Reputation: 361
I've been trying to run this query and I keep getting the resources exceeded error despite setting Allow Large results to true and setting the destination table. I tried adding a limit as well. Is there any way I can optimize the query to avoid this error?
SELECT
repo_name,
commit,
parent,
subject,
message,
difference.*
FROM
FLATTEN(FLATTEN([bigquery-public-data:github_repos.commits], repo_name), parent)
WHERE
(REGEXP_MATCH(message,r'(?i:null pointer dereference)'))
LIMIT
5000000
Thank you very much!
Upvotes: 1
Views: 193
Reputation: 33705
It worked for me (and took about a minute and a half):
#standardSQL
SELECT
repo_name,
commit,
parent,
subject,
message,
difference
FROM
`bigquery-public-data.github_repos.commits`
CROSS JOIN UNNEST(repo_name) AS repo_name
CROSS JOIN UNNEST(parent) AS parent
WHERE
REGEXP_CONTAINS(message, r'(?i:null pointer dereference)');
I suspect that legacy SQL in BigQuery is worse at handling this kind of thing.
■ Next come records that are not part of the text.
(* In the algorithm described in the context, for each agent $i$ and each round $r$, when $N$ is sufficiently large such that $N\ge4\ln N$, the number $V_i^r$ of perturbed adoption vectors sampled by agent $i$ in round $r$ satisfies $$\frac{3(1-\beta)}{32}hg(N)\le V_i^r\le\frac{15}{8}hg(N)$$ with probability at least $1-\frac{6M+3}{N^{10}}$.
   Context: Setting. $\mathcal G=(\mathcal N,\mathcal E)$ is a connected, non-bipartite undirected graph on agents $\mathcal N=\{1,\dots,N\}$; $\mathcal N_i$ is the neighbor set of $i$, $N_i=|\mathcal N_i|$. There are $M$ options; quality signals $\Phi_j^r\in\{0,1\}$ are i.i.d. Bernoulli$(\eta_j)$ over rounds $r$. $X^r_{i,j}\in\{0,1\}$ indicates agent $i$ adopts option $j$ in round $r$ ($\sum_jX^r_{i,j}\le1$); $D^r_j=\sum_iX^r_{i,j}$, $D^r=\sum_jD^r_j$, $Q^r_j=D^r_j/D^r$, $Q^0_j=1/M$. The function $g:\mathbb N^+\to\mathbb R$ satisfies: for every $\ell>0$, $g(N)>\ell\ln N$ and $g(N)<\ell N$ for all sufficiently large $N$. Parameters: $\varepsilon>0$, $\mu\in(0,1)$, $\beta\in(1/2,1)$, $\sigma\ge11$, $h=16\sigma/(1-\beta)$. Metropolis–Hastings random walk: from $i$ move to $i'\in\mathcal N_i$ with probability $\min\{1/N_i,1/N_{i'}\}$, else stay; walk length $L=O(\log N)$ chosen so that the endpoint is at each agent with probability in $[\frac1N-\frac1{N^3},\frac1N+\frac1{N^3}]$. Round $r$: (1) an agent that adopted an option in round $r-1$ perturbs each coordinate of its adoption vector independently (keep with probability $\frac{e^{\varepsilon/2}}{e^{\varepsilon/2}+1}$, flip otherwise); (2) each such agent launches $hg(N)$ independent random-walk tokens of length $L$ carrying its perturbed vector (forwarded via per-agent FIFO queues, up to $hg(N)$ tokens per agent per slot); a token is sampled by the agent where it ends; $V^r_i$ is the number of tokens sampled by $i$; (3) with $\Lambda^r_{i,j}$ the fraction of sampled vectors with $j$-th coordinate $1$, $\widetilde Q^r_{i,j}=\max\{\frac{e^{\varepsilon/2}+1}{e^{\varepsilon/2}-1}\Lambda^r_{i,j}-\frac1{e^{\varepsilon/2}-1},0\}$, $\widehat Q^r_{i,j}=\widetilde Q^r_{i,j}/\sum_{j'}\widetilde Q^r_{i,j'}$, and $i$ selects option $j$ with probability $(1-\mu)\widehat Q^r_{i,j}+\mu/M$; (4) having selected $j^*$, $i$ adopts it with probability $\beta$ if $\Phi^r_{j^*}=1$, $1-\beta$ if $\Phi^r_{j^*}=0$, else adopts nothing. *)

From HB Require Import structures.
From mathcomp Require Import all_boot all_order all_algebra.
From mathcomp Require Import reals sequences exp.
Set Implicit Arguments.
Unset Strict Implicit.
Unset Printing Implicit Defensive.
Import Order.TTheory GRing.Theory Num.Theory.
Local Open Scope ring_scope.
As an aside, though: is there a reason that you want to flatten the repo_name
and parent
arrays? Without flattening, the query would produce 37,073 rows, whereas with flattening, it produces 11,419,166. Depending on the kind of analysis that you want to do, you may not need to flatten the data at all.
Edit: since it sounds like flattening was only necessary to work around legacy SQL's limitations related to independently repeating fields, you can remove the CROSS JOIN
s and avoid flattening:
#standardSQL
SELECT
repo_name,
commit,
parent,
subject,
message,
difference
FROM
`bigquery-public-data.github_repos.commits`
WHERE
REGEXP_CONTAINS(message, r'(?i:null pointer dereference)');
This is faster, too--it takes about 15 seconds instead of 90.
Upvotes: 2